EXERCISE AIM | Could you filter the data below down to the lines that hold the word "sigma"?
--- EXERCISE INPUT Enclosed Below ---
(* For every loop $\bar p$ based at $a\in K$, $\chi_{\bar p}^*\chi_{\bar p}=Q_{\bar p}\otimes I$ on $H_a\otimes l^2(S_a)$ (and zero on the other summands of $\mathcal H$), where $Q_{\bar p}$ is the orthogonal projection of $H_a$ onto the domain $H_{\bar p^{-1}*\bar p}=H_{\bar p}$.
   Context: $K$ is a partially ordered set. Elementary paths on $K$: for $b\le a$ the formal symbol $(b,a)$ and for $b\ge a$ the formal symbol $\overline{(b,a)}$; both have starting point $\partial_1=a$ and ending point $\partial_0=b$; $(a,a)=\overline{(a,a)}=:i_a$ is the trivial path. The reverse of $(b,a)$ is $\overline{(a,b)}$ and the reverse of $\overline{(b,a)}$ is $(a,b)$. $\overline S$ is the set of finite sequences $\bar p=s_n*\cdots*s_1$ of elementary paths with $\partial_0 s_{i-1}=\partial_1 s_i$; $\partial_1\bar p=\partial_1 s_1$, $\partial_0\bar p=\partial_0 s_n$, $\bar p^{-1}=s_1^{-1}*\cdots*s_n^{-1}$, and the concatenation $\bar p*\bar q$ is defined when $\partial_1\bar p=\partial_0\bar q$. The equivalence $\sim$ on $\overline S$ is the smallest equivalence relation compatible with concatenation such that for all $a\le b\le c$: $(a,b)*(b,c)\sim(a,c)$, $\overline{(c,b)}*\overline{(b,a)}\sim\overline{(c,a)}$, $(a,b)*\overline{(b,a)}\sim i_a$, $\overline{(b,a)}*(a,b)\sim i_b$. Equivalence classes $p=[\bar p]$ are called paths. $S_a$ denotes the set of paths $p$ with $\partial_0p=a$. A loop based at $a$ is $\bar p\in\overline S$ with $\partial_0\bar p=\partial_1\bar p=a$. For each $a\in K$, $H_a$ is a Hilbert space with orthonormal basis $\{e^a_n\}_{n\ge1}$; for $a\le b$, $\gamma_{ba}:H_a\to H_b$ is an isometry mapping each basis vector $e^a_n$ to a basis vector of $\{e^b_m\}$, with $\gamma_{aa}=\mathrm{id}$ and $\gamma_{ca}=\gamma_{cb}\gamma_{ba}$ for $a\le b\le c$. $l^2(S_a)$ is the Hilbert space with orthonormal basis $\{e_p\}_{p\in S_a}$, and $\mathcal H=\bigoplus_{a\in K}H_a\otimes l^2(S_a)$. For $a\le b$, $\chi_a^b\in B(\mathcal H)$ vanishes on all summands other than $H_a\otimes l^2(S_a)$ and satisfies $\chi_a^b(h\otimes e_p)=\gamma_{ba}(h)\otimes e_{[\overline{(b,a)}*\bar p]}$ for $h\in H_a$, $p\in S_a$, $\bar p\in p$; $\chi_a^{b*}$ is its adjoint. For an elementary path put $\chi_{\overline{(b,a)}}=\chi_a^b$ ($a\le b$) and $\chi_{(b,a)}=\chi_b^{a*}$ ($b\le a$), and for $\bar p=s_n*\cdots*s_1\in\overline S$ put $\chi_{\bar p}=\chi_{s_n}\cdots\chi_{s_1}$. The domain $H_{\bar p}$ of $\bar p$ is the closed subspace of $H_{\partial_1\bar p}$ consisting of the vectors $h$ with $\|\chi_{\bar p}(h\otimes e_s)\|=\|h\|$ for all $s\in S_{\partial_1\bar p}$. *)

From Stdlib Require Import Reals List ClassicalEpsilon.
Import ListNotations.
Open Scope R_scope.

Definition C := (R * R)%type.
Definition C0 : C := (0, 0).
Definition Cnormsq (z : C) : R := fst z * fst z + snd z * snd z.
Definition Csub (z w : C) : C := (fst z - fst w, snd z - snd w).

Fixpoint sumsq {I : Type} (x : I -> C) (L : list I) : R :=
  match L with nil => 0 | i :: L' => Cnormsq (x i) + sumsq x L' end.
Definition partial_sums {I : Type} (x : I -> C) (s : R) : Prop :=
  exists L : list I, NoDup L /\ s = sumsq x L.
Definition l2 {I : Type} (x : I -> C) : Prop :=
  exists M, forall s, partial_sums x s -> s <= M.
Definition normsq_is {I : Type} (x : I -> C) (r : R) : Prop :=
  is_lub (partial_sums x) r.
Definition same_norm {I J : Type} (x : I -> C) (y : J -> C) : Prop :=
  forall r, normsq_is x r <-> normsq_is y r.

(** Inner product on H_a = l^2(nat) (basis e_n): <x,y> = sum_n x_n conj(y_n);
    orthogonality = real and imaginary parts of the series sum to 0. *)
Definition orthogonal_nat (x y : nat -> C) : Prop :=
  infinite_sum (fun n => fst (x n) * fst (y n) + snd (x n) * snd (y n)) 0 /\
  infinite_sum (fun n => snd (x n) * fst (y n) - fst (x n) * snd (y n)) 0.

Definition is_orth_proj (M : (nat -> C) -> Prop) (Q : (nat -> C) -> (nat -> C)) : Prop :=
  forall h, l2 h ->
    l2 (Q h) /\ M (Q h) /\
    forall m, M m -> orthogonal_nat (fun n => Csub (h n) (Q h n)) m.

Section Paths.
Context {K : Type} (le : K -> K -> Prop).

(** Elementary paths: [Up b a] is (b,a) with b <= a; [Dn b a] is overline(b,a) with b >= a.
    Both have starting point a and ending point b. *)
Inductive elem : Type := Up (b a : K) | Dn (b a : K).

Definition e_start (s : elem) : K := match s with Up _ a | Dn _ a => a end.
Definition e_end (s : elem) : K := match s with Up b _ | Dn b _ => b end.
Definition e_wf (s : elem) : Prop := match s with Up b a => le b a | Dn b a => le a b end.
Definition e_inv (s : elem) : elem := match s with Up b a => Dn a b | Dn b a => Up a b end.

(** A sequence s_n * ... * s_1 is represented by the list [s_n; ...; s_1];
    concatenation is list append; composability: start s_i = end s_{i-1}. *)
Fixpoint chain (l : list elem) : Prop :=
  match l with
  | nil => True
  | s :: l' =>
      e_wf s /\ match l' with nil => True | t :: _ => e_start s = e_end t end /\ chain l'
  end.
Definition wf (l : list elem) : Prop := l <> nil /\ chain l.
Definition ends_at (l : list elem) (c : K) : Prop :=
  exists s l', l = s :: l' /\ e_end s = c.
Definition starts_at (l : list elem) (c : K) : Prop :=
  exists s l', l = l' ++ [s] /\ e_start s = c.
Definition pinv (l : list elem) : list elem := rev (map e_inv l).

(** Generating relations (a <= b <= c); i_a = (a,a) = overline(a,a). *)
Inductive gen : list elem -> list elem -> Prop :=
| g_up : forall a b c, le a b -> le b c -> gen [Up a b; Up b c] [Up a c]
| g_dn : forall a b c, le a b -> le b c -> gen [Dn c b; Dn b a] [Dn c a]
| g_ud : forall a b, le a b -> gen [Up a b; Dn b a] [Up a a]
| g_du : forall a b, le a b -> gen [Dn b a; Up a b] [Up b b]
| g_triv : forall a, gen [Up a a] [Dn a a].

Inductive pequiv : list elem -> list elem -> Prop :=
| pe_refl : forall l, pequiv l l
| pe_sym : forall l l', pequiv l l' -> pequiv l' l
| pe_trans : forall l1 l2 l3, pequiv l1 l2 -> pequiv l2 l3 -> pequiv l1 l3
| pe_step : forall l1 r r' l2, gen r r' -> pequiv (l1 ++ r ++ l2) (l1 ++ r' ++ l2).

(** Paths = equivalence classes, represented as predicates on sequences *)
Definition cls (l : list elem) : list elem -> Prop := pequiv l.
Definition in_S (c : K) (P : list elem -> Prop) : Prop :=
  exists l, wf l /\ ends_at l c /\ P = cls l.
Definition prepend (s : elem) (P : list elem -> Prop) : list elem -> Prop :=
  fun l' => exists l, P l /\ pequiv (s :: l) l'.

(** Index set of the orthonormal basis e^c_n (x) e_P of
    H = (+)_c H_c (x) l^2(S_c). *)
Definition Idx : Type := (K * nat * (list elem -> Prop))%type.

(** the Hilbert space H: l^2 vectors supported on {(c,n,P) | P in S_c} *)
Definition inH (x : Idx -> C) : Prop :=
  l2 x /\ forall c n P, ~ in_S c P -> x (c, n, P) = C0.

(** Operator on l^2(Idx) sending e_i to e_(phi i) for i in D and e_i to 0
    otherwise (phi injective on D), and its adjoint. *)
Definition basis_op (D : Idx -> Prop) (phi : Idx -> Idx) (y : Idx -> C) : Idx -> C :=
  fun j => match excluded_middle_informative (exists i, D i /\ phi i = j) with
           | left H => y (proj1_sig (constructive_indefinite_description _ H))
           | right _ => C0 end.
Definition basis_op_adj (D : Idx -> Prop) (phi : Idx -> Idx) (y : Idx -> C) : Idx -> C :=
  fun i => match excluded_middle_informative (D i) with
           | left _ => y (phi i) | right _ => C0 end.

Context (sigma : K -> K -> nat -> nat).
(** gamma_{ba} e^a_n = e^b_{sigma b a n} *)

Definition dom (a : K) : Idx -> Prop :=
  fun i => let '(c, _, P) := i in c = a /\ in_S a P.
Definition emb (a b : K) : Idx -> Idx :=
  fun i => let '(_, n, P) := i in (b, sigma b a n, prepend (Dn b a) P).

(** chi_a^b = basis_op (dom a) (emb a b); chi_{overline(b,a)} = chi_a^b,
    chi_{(b,a)} = chi_b^{a*}. *)
Definition chi_e (s : elem) : (Idx -> C) -> (Idx -> C) :=
  match s with
  | Dn b a => basis_op (dom a) (emb a b)
  | Up b a => basis_op_adj (dom b) (emb b a)
  end.
Definition chi_e_adj (s : elem) : (Idx -> C) -> (Idx -> C) :=
  match s with
  | Dn b a => basis_op_adj (dom a) (emb a b)
  | Up b a => basis_op (dom b) (emb b a)
  end.

Definition chi (l : list elem) : (Idx -> C) -> (Idx -> C) :=
  fold_right (fun s f y => chi_e s (f y)) (fun y => y) l.
Definition chi_adj (l : list elem) : (Idx -> C) -> (Idx -> C) :=
  fold_right (fun s f y => f (chi_e_adj s y)) (fun y => y) l.

Definition tensor (a : K) (h : nat -> C) (P0 : list elem -> Prop) : Idx -> C :=
  fun i => let '(c, n, P) := i in
    match excluded_middle_informative (c = a /\ P = P0) with
    | left _ => h n | right _ => C0 end.

Definition pdomain (l : list elem) (h : nat -> C) : Prop :=
  exists a, starts_at l a /\ l2 h /\
    forall s, in_S a s -> same_norm (chi l (tensor a h s)) h.

End Paths.

From Pilot Require Import Defs.
From Stdlib Require Import Reals List ClassicalEpsilon Classical FunctionalExtensionality
  PropExtensionality Lra Lia FinFun.
Import ListNotations.
Open Scope R_scope.

(** Every elementary operator χ_s sends basis vectors to basis vectors or to 0,
    injectively; such an operator is described by a relation on the index set
    Idx = K × ℕ × paths ([represents]), and so are compositions and adjoints.
    Hence χ_p moves coordinates along [rel_path p], χ_p^* along its converse, and
    χ_p^* χ_p restricts every vector to the domain of [rel_path p].  Following p
    from an index (a, n, P) with P ∈ S_a, the ℕ-component evolves by a relation
    [nat_path p] built from the maps σ alone, while the path component stays in
    the S_c's thanks to the cancellation relations; so that domain is
    {(a, n, P) | n ∈ ndom p}, independently of P.  Therefore χ_p (h ⊗ e_P) is a
    reindexing of h restricted to [ndom p] and has the same norm, which shows
    that H_p is the space of l² sequences vanishing off [ndom p]; the orthogonal
    projection onto it is the restriction of coordinates, and
    ndom (p^{-1} * p) = ndom p. *)

Lemma Cnormsq_nonneg (z : Defs.C) : 0 <= Cnormsq z.
Proof. unfold Cnormsq. nra. Qed.

Lemma Cnormsq_pos (z : Defs.C) : z <> C0 -> 0 < Cnormsq z.
Proof.
  destruct z as [u v]. unfold Cnormsq, C0; simpl. intro Hz.
  destruct (Req_dec u 0), (Req_dec v 0); subst; [congruence | nra | nra | nra].
Qed.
--- End of Enclosed EXERCISE INPUT ---
ANSWER SPACE |
Context (sigma : K -> K -> nat -> nat).
(** gamma_{ba} e^a_n = e^b_{sigma b a n} *)
  fun i => let '(_, n, P) := i in (b, sigma b a n, prepend (Dn b a) P).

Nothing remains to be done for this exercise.